Transfers made by virtue of the sale of business tool shall be subject to the safeguards referred to in Chapter VII of Title IV.
11.  
For the purposes of exercising the rights to provide services or to establish itself in another Member State in accordance with Directive 2013/36/EU or Directive 2014/65/EU, the purchaser shall be considered to be a continuation of the institution under resolution, and may continue to exercise any such right that was exercised by the institution under resolution in respect of the assets, rights or liabilities transferred.
12.  
Member States shall ensure that the purchaser referred to in paragraph 1 may continue to exercise the rights of membership and access to payment, clearing and settlement systems, stock exchanges, investor compensation schemes and deposit guarantee schemes of the institution under resolution, provided that it meets the membership and participation criteria for participation in such systems.
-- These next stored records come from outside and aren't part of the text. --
(* Assume the sponge $F\subset[0,1]^d$ satisfies the SPPC. Then for all $\mathbf i\in\Sigma$ and $r>0$, $\pi(B_{\mathbf i}(r))\subseteq B(\pi(\mathbf i),\sqrt d\,r)$. Moreover, if $F$ satisfies the very strong SPPC and $\delta_0>0$ is a constant such that for every $\sigma\in\mathcal A$, $1\le n\le d$ and $i,j\in\mathcal I$ for which $f_i,f_j$ do not overlap exactly on $E_n^\sigma$ one has $\mathrm{dist}\big(\Pi_n^\sigma(f_i([0,1]^d)),\Pi_n^\sigma(f_j([0,1]^d))\big)\ge\delta_0$, then for all $\mathbf i\in\Sigma$ and $r>0$, $B(\pi(\mathbf i),\delta_0r)\cap F\subseteq\pi(B_{\mathbf i}(r))$.
   Context: Setting: $\mathcal I=\{1,\dots,N\}$, $f_i(x)=A_ix+t_i$ on $\mathbb R^d$ with $A_i=\mathrm{diag}(\lambda_i^{(1)},\dots,\lambda_i^{(d)})$, all $\lambda_i^{(n)}\in(0,1)$, $f_i([0,1]^d)\subset[0,1]^d$, no two maps agree on $[0,1]^d$, and for all $m\ne n$ some $i$ has $\lambda_i^{(n)}\ne\lambda_i^{(m)}$; $F$ is the attractor. $\Sigma=\mathcal I^{\mathbb N}$, $\pi(\mathbf i)=\lim_kf_{i_1}\circ\cdots\circ f_{i_k}(0)$; $B(x,\rho)$ is the Euclidean ball. For $\mathbf i\in\Sigma$, $r>0$, $L_{\mathbf i}(r,n)$ is the unique integer with $\prod_{\ell=1}^{L_{\mathbf i}(r,n)}\lambda_{i_\ell}^{(n)}\le r<\prod_{\ell=1}^{L_{\mathbf i}(r,n)-1}\lambda_{i_\ell}^{(n)}$. $\mathbf i$ determines a $\sigma$-ordered cube at scale $r$ if $L_{\mathbf i}(r,\sigma_d)\le\dots\le L_{\mathbf i}(r,\sigma_1)$, ties resolved by: if coordinates $k<m$ have $L_{\mathbf i}(r,k)=L_{\mathbf i}(r,m)$ then $k$ precedes $m$ iff $\prod_{\ell=1}^{L_{\mathbf i}(r,k)}\lambda_{i_\ell}^{(k)}\ge\prod_{\ell=1}^{L_{\mathbf i}(r,k)}\lambda_{i_\ell}^{(m)}$; write $\sigma_{\mathbf i}(r)$ for it, and $\mathcal A$ for the set of all orderings so arising. $E_n^\sigma$: span of coordinate axes $\sigma_1,\dots,\sigma_n$, $\Pi_n^\sigma$ the orthogonal projection onto it; $f_i,f_j$ overlap exactly on $E_n^\sigma$ if $\Pi_n^\sigma f_i=\Pi_n^\sigma f_j$ on $[0,1]^d$. SPPC: for all $\sigma\in\mathcal A$, $1\le n\le d$, $i,j$, either $f_i,f_j$ overlap exactly on $E_n^\sigma$ or $\Pi_n^\sigma(f_i((0,1)^d))\cap\Pi_n^\sigma(f_j((0,1)^d))=\emptyset$; very strong SPPC: the same with $[0,1]^d$ in place of $(0,1)^d$. For $1\le n\le d-1$, $\mathcal I_n^\sigma$ is the set of $j$ such that no $i<j$ overlaps exactly with $j$ on $E_n^\sigma$; $\mathcal I_d^\sigma=\mathcal I$; $\Pi_n^\sigma j$ (on indices) is the unique element of $\mathcal I_n^\sigma$ overlapping exactly with $j$ on $E_n^\sigma$, extended to $\Sigma$ coordinatewise. $B_{\mathbf i}(r)=\{\mathbf j\in\Sigma:|\Pi_n^\sigma\mathbf j\wedge\Pi_n^\sigma\mathbf i|\ge L_{\mathbf i}(r,\sigma_n)\ \forall n\}$ with $\sigma=\sigma_{\mathbf i}(r)$ and $\wedge$ the longest common prefix. *)

From HB Require Import structures.
From mathcomp Require Import all_boot all_order all_algebra all_fingroup.
From mathcomp Require Import all_classical all_reals all_analysis.
Set Implicit Arguments. Unset Strict Implicit. Unset Printing Implicit Defensive.
Import Order.TTheory GRing.Theory Num.Theory numFieldNormedType.Exports.
Local Open Scope classical_set_scope.
Local Open Scope ring_scope.
Definition covered (L : R) (P : list R) (rho : R -> R) (r : R) : Prop :=
  exists p, In p P /\ cdist L p r <= rho p.

From Stdlib Require Import Reals List Lra Lia Wf_nat Classical ClassicalEpsilon.
Open Scope R_scope.

(* Suppose an optimal assignment covers the whole circle.  Lowering the range
   of a point p to the largest distance from p to a point of P below rho p is
   cheaper, so by optimality it disconnects some point, and some disconnected
   point t lies at distance exactly rho p from p.  Choosing p so that as few
   points as possible get disconnected, every disconnected point has range 0
   (otherwise lowering its range instead disconnects fewer points).  If
   rho p < L/2, a point just beyond t (seen from p), close enough to t, is
   covered by some x other than p whose range then also reaches t; x can be
   neither connected (it would reconnect t) nor disconnected (its range is 0).
   If rho p = L/2, splitting the half-circle edge at the farthest other point
   is cheaper, because x ^ alpha is strictly superadditive. *)

Ltac cdist_cases :=
  unfold cdist, on_circle, Rmin, Rabs in *;
  repeat match goal with
  | |- context [Rcase_abs ?x] => destruct (Rcase_abs x)
  | H : context [Rcase_abs ?x] |- _ => destruct (Rcase_abs x)
  | |- context [Rle_dec ?x ?y] => destruct (Rle_dec x y)
  | H : context [Rle_dec ?x ?y] |- _ => destruct (Rle_dec x y)
  end; lra.

Section Circle.
Variable L : R.
Hypothesis HL : 0 < L.

Lemma cdist_sym p q : cdist L p q = cdist L q p.
Proof. unfold cdist. rewrite Rabs_minus_sym. reflexivity. Qed.

Lemma cdist_refl p : cdist L p p = 0.
Proof. cdist_cases. Qed.

Lemma cdist_nonneg p q : on_circle L p -> on_circle L q -> 0 <= cdist L p q.
Proof. intros; cdist_cases. Qed.

Lemma cdist_pos p q : on_circle L p -> on_circle L q -> p <> q -> 0 < cdist L p q.
Proof. intros; cdist_cases. Qed.

Lemma cdist_le_half p q : on_circle L p -> on_circle L q -> cdist L p q <= L / 2.
Proof. intros; cdist_cases. Qed.

Lemma cdist_tri p q r : on_circle L p -> on_circle L q -> on_circle L r ->
  cdist L p r <= cdist L p q + cdist L q r.
Proof. intros; cdist_cases. Qed.

Lemma cdist_antipode_split p c t : on_circle L p -> on_circle L c -> on_circle L t ->
  cdist L p c = L / 2 -> cdist L p t + cdist L t c = L / 2.
Proof. intros; cdist_cases. Qed.

Lemma cdist_extend p t e : on_circle L p -> on_circle L t -> 0 < e < L / 2 - cdist L p t ->
  exists y, on_circle L y /\ cdist L t y = e /\ cdist L p t < cdist L p y.
Proof.
  intros Hp Ht He.
  (* move t by e away from p, wrapping around at 0 / L when needed *)
  destruct (Rle_dec p t);
    [destruct (Rle_dec (t - p) (L / 2)) | destruct (Rle_dec (p - t) (L / 2))].
  - destruct (Rlt_dec (t + e) L); [exists (t + e) | exists (t + e - L)]; cdist_cases.
  - exists (t - e); cdist_cases.
  - destruct (Rle_dec 0 (t - e)); [exists (t - e) | exists (t - e + L)]; cdist_cases.
  - exists (t + e); cdist_cases.
Qed.

End Circle.

Lemma rpow_nonneg x a : 0 <= rpow x a.
Proof.
  unfold rpow. destruct (Req_EM_T x 0); [lra|].
  left; apply exp_pos.
Qed.

Lemma rpow_lt_compat x y a : 0 < a -> 0 <= x < y -> rpow x a < rpow y a.
Proof.
  intros Ha Hxy. unfold rpow.
  destruct (Req_EM_T x 0), (Req_EM_T y 0); try lra.
  - apply exp_pos.
  - apply Rlt_Rpower_l; lra.
Qed.

Lemma rpow_Rmax x y a : rpow (Rmax x y) a <= rpow x a + rpow y a.
Proof.
  pose proof (rpow_nonneg x a). pose proof (rpow_nonneg y a).
  unfold Rmax. destruct (Rle_dec x y); lra.
Qed.

Lemma rpow_superadditive x y a : 0 < x -> 0 < y -> 1 < a ->
  rpow x a + rpow y a < rpow (x + y) a.
Proof.
  intros Hx Hy Ha. unfold rpow.
  destruct (Req_EM_T x 0), (Req_EM_T y 0), (Req_EM_T (x + y) 0); try lra.
  replace a with (1 + (a - 1)) by ring.
  rewrite !Rpower_plus, !Rpower_1 by lra.
  assert (Rpower x (a - 1) < Rpower (x + y) (a - 1)) by (apply Rlt_Rpower_l; lra).
  assert (Rpower y (a - 1) < Rpower (x + y) (a - 1)) by (apply Rlt_Rpower_l; lra).
  nra.
Qed.

Definition upd (rho : R -> R) (p r : R) : R -> R :=
  fun x => if Req_EM_T x p then r else rho x.

Lemma upd_eq rho p r : upd rho p r p = r.
Proof. unfold upd. destruct (Req_EM_T p p); congruence. Qed.

Lemma upd_neq rho p r x : x <> p -> upd rho p r x = rho x.
Proof. unfold upd. destruct (Req_EM_T x p); congruence. Qed.

Lemma cost_upd_notin alpha l rho p r : ~ In p l -> cost alpha l (upd rho p r) = cost alpha l rho.
Proof.
  induction l as [|a l IH]; intros Hp; [reflexivity|].
  assert (Hcons : forall f, cost alpha (a :: l) f = rpow (f a) alpha + cost alpha l f)
    by reflexivity.
  rewrite !Hcons, IH, upd_neq; auto.
  - intros ->. apply Hp. left; reflexivity.
  - intros Hl. apply Hp. right; exact Hl.
Qed.

Lemma cost_upd alpha l rho p r : NoDup l -> In p l ->
  cost alpha l (upd rho p r) = cost alpha l rho - rpow (rho p) alpha + rpow r alpha.
Proof.
  induction 1 as [|a l Ha Hnd IH]; intros Hp; [destruct Hp|].
  assert (Hcons : forall f, cost alpha (a :: l) f = rpow (f a) alpha + cost alpha l f)
    by reflexivity.
  rewrite !Hcons. destruct Hp as [<-|Hp].
  - rewrite cost_upd_notin, upd_eq by exact Ha. ring.
  - rewrite IH, upd_neq by (auto; intros ->; contradiction). ring.
Qed.

Lemma exists_least (Q : nat -> Prop) : (exists n, Q n) ->
  exists n, Q n /\ forall k, Q k -> (n <= k)%nat.
Proof.
  intros HQ.
  destruct (dec_inh_nat_subset_has_unique_least_element Q (fun n => classic (Q n)) HQ)
    as (n & [Hn Hleast] & _).
  exists n. split; assumption.
Qed.

Lemma incl_length_lt {A} (eq_dec : forall x y : A, {x = y} + {x <> y}) (l l' : list A) u :
  NoDup l -> incl l l' -> In u l' -> ~ In u l -> (length l < length l')%nat.
Proof.
  intros Hnd Hincl Hu Hnu.
  apply Nat.le_lt_trans with (length (remove eq_dec u l')); [|apply remove_length_lt; exact Hu].
  apply NoDup_incl_length; [exact Hnd|].
  intros x Hx. apply in_in_remove; [intros ->; contradiction | auto].
Qed.

Lemma exists_other_point {A} (l : list A) a b : NoDup l -> (2 < length l)%nat ->
  exists t, In t l /\ t <> a /\ t <> b.
Proof.
  intros Hnd Hlen. apply NNPP. intros Hnone.
  assert (Hincl : incl l (a :: b :: nil)).
  { intros x Hx.
    destruct (classic (x = a)) as [->|Ha]; [left; reflexivity|].
    destruct (classic (x = b)) as [->|Hb]; [right; left; reflexivity|].
    exfalso; eauto. }
  pose proof (NoDup_incl_length Hnd Hincl). simpl in *. lia.
Qed.

Lemma exists_argmax {A} (f : A -> R) (l : list A) : l <> nil ->
  exists t, In t l /\ forall q, In q l -> f q <= f t.
Proof.
  induction l as [|a l IH]; intros Hne; [congruence|].
  destruct l as [|b l].
  - exists a. split; [left; reflexivity|]. intros q [<-|[]]; lra.
  - destruct IH as (t & Ht & Hmax); [discriminate|].
    destruct (Rle_dec (f a) (f t)).
    + exists t. split; [right; exact Ht|]. intros q [<-|Hq]; auto.
    + exists a. split; [left; reflexivity|]. intros q [<-|Hq]; [lra|].
      specialize (Hmax q Hq). lra.
Qed.

Lemma exists_max_below {A} (f : A -> R) (l : list A) b : 0 < b ->
  exists m, 0 <= m < b /\ forall q, In q l -> f q < b -> f q <= m.
Proof.
  intros Hb. induction l as [|a l IH].
  - exists 0. split; [lra|]. intros q [].
  - destruct IH as (m & Hm & Hbelow).
    destruct (Rlt_dec (f a) b) as [Ha|Ha].
    + exists (Rmax m (f a)). split.
      * pose proof (Rmax_l m (f a)). split; [lra|]. apply Rmax_lub_lt; lra.
      * intros q [<-|Hq] Hqb; [apply Rmax_r|].
        eapply Rle_trans; [apply Hbelow; auto | apply Rmax_l].
    + exists m. split; [exact Hm|]. intros q [<-|Hq] Hqb; [contradiction | auto].
Qed.

Lemma uniform_margin {A} (f g : A -> R) (l : list A) :
  exists d, 0 < d /\ forall x, In x l -> f x < g x -> d < g x - f x.
Proof.
  induction l as [|a l IH].
  - exists 1. split; [lra|]. intros x [].
  - destruct IH as (d & Hd & Hmargin).
    destruct (Rlt_dec (f a) (g a)) as [Ha|Ha].
    + exists (Rmin d ((g a - f a) / 2)).
      pose proof (Rmin_l d ((g a - f a) / 2)). pose proof (Rmin_r d ((g a - f a) / 2)).
      split; [apply Rmin_glb_lt; lra|].
      intros x [<-|Hx] Hfg; [lra|]. specialize (Hmargin x Hx Hfg). lra.
    + exists d. split; [exact Hd|]. intros x [<-|Hx] Hfg; [contradiction | auto].
Qed.

Section Broadcast.
Variables (L : R) (P : list R) (s : R).
Hypothesis HL : 0 < L.
Hypothesis Hon : forall p, In p P -> on_circle L p.
Hypothesis Hnd : NoDup P.

Inductive reach (rho : R -> R) : R -> Prop :=
  | reach_root : reach rho s
  | reach_step x y : reach rho x -> In x P -> In y P -> cdist L x y <= rho x -> reach rho y.

Inductive reach_in (rho : R -> R) : nat -> R -> Prop :=
  | reach_in_root : reach_in rho 0 s
  | reach_in_step n x y : reach_in rho n x -> In x P -> In y P -> cdist L x y <= rho x ->
      reach_in rho (S n) y.

Lemma reach_reach_in rho x : reach rho x -> exists n, reach_in rho n x.
Proof.
  induction 1 as [|x y _ [n Hn] Hx Hy Hxy]; [exists 0%nat; constructor|].
  exists (S n). econstructor; eauto.
Qed.

Lemma feasible_reach rho : feasible L P s rho -> forall x, In x P -> reach rho x.
Proof.
  intros [_ (par & Hedge & Hroot)] x Hx. destruct (Hroot x Hx) as [k Hk].
  induction k as [|k IH] in x, Hx, Hk |- *; [simpl in Hk; subst; constructor|].
  destruct (Req_dec x s) as [->|Hxs]; [constructor|].
  rewrite Nat.iter_succ_r in Hk. destruct (Hedge x Hx Hxs) as (Hpar & _ & Hd).
  apply (reach_step _ (par x)); auto.
Qed.

Lemma reach_feasible rho : range_assignment P rho -> (forall x, In x P -> reach rho x) ->
  feasible L P s rho.
Proof.
  intros Hnn Hr. split; [exact Hnn|].
  (* parents strictly decrease the hop distance from s, so iterating them reaches s *)
  set (parent x z := In z P /\ cdist L z x <= rho z /\
         exists n, reach_in rho n z /\ forall k, reach_in rho k x -> (n < k)%nat).
  assert (Hparent : forall x, In x P -> x <> s -> exists z, parent x z).
  { intros x Hx Hxs.
    destruct (exists_least _ (reach_reach_in rho x (Hr x Hx))) as ([|n] & Hn & Hleast).
    - inversion Hn; congruence.
    - inversion Hn as [|n' z x' Hz HzP _ Hzx]; subst.
      exists z. repeat split; auto. exists n. split; [exact Hz|].
      intros k Hk. specialize (Hleast k Hk). lia. }
  exists (fun x => epsilon (inhabits s) (parent x)). split.
  - intros p Hp Hps.
    destruct (epsilon_spec (inhabits s) (parent p) (Hparent p Hp Hps)) as (Hz & Hd & _).
    repeat split; auto.
  - intros p Hp. destruct (reach_reach_in rho p (Hr p Hp)) as [n Hn].
    revert p Hp Hn. induction n as [n IH] using lt_wf_ind. intros p Hp Hn.
    destruct (Req_dec p s) as [->|Hps]; [exists 0%nat; reflexivity|].
    destruct (epsilon_spec (inhabits s) (parent p) (Hparent p Hp Hps)) as (Hz & _ & n' & Hn' & Hlt).
    destruct (IH n' (Hlt n Hn) _ Hz Hn') as [k Hk].
    exists (S k). rewrite Nat.iter_succ_r. exact Hk.
Qed.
Notwithstanding the first subparagraph, Member States shall ensure that:

(a) 

access is not denied on the ground that the purchaser does not possess a rating from a credit rating agency, or that rating is not commensurate to the rating levels required to be granted access to the systems referred to in the first subparagraph;

(b) 

where the purchaser does not meet the membership or participation criteria for a relevant payment, clearing or settlement system, stock exchange, investor compensation scheme or deposit guarantee scheme, the rights referred to in the first subparagraph are exercised for such a period of time as may be specified by the resolution authority, not exceeding 24 months, renewable on application by the purchaser to the resolution authority.

13.  
Without prejudice to Chapter VII of Title IV, shareholders or creditors of the institution under resolution and other third parties whose assets, rights or liabilities are not transferred shall not have any rights over or in relation to the assets, rights or liabilities transferred.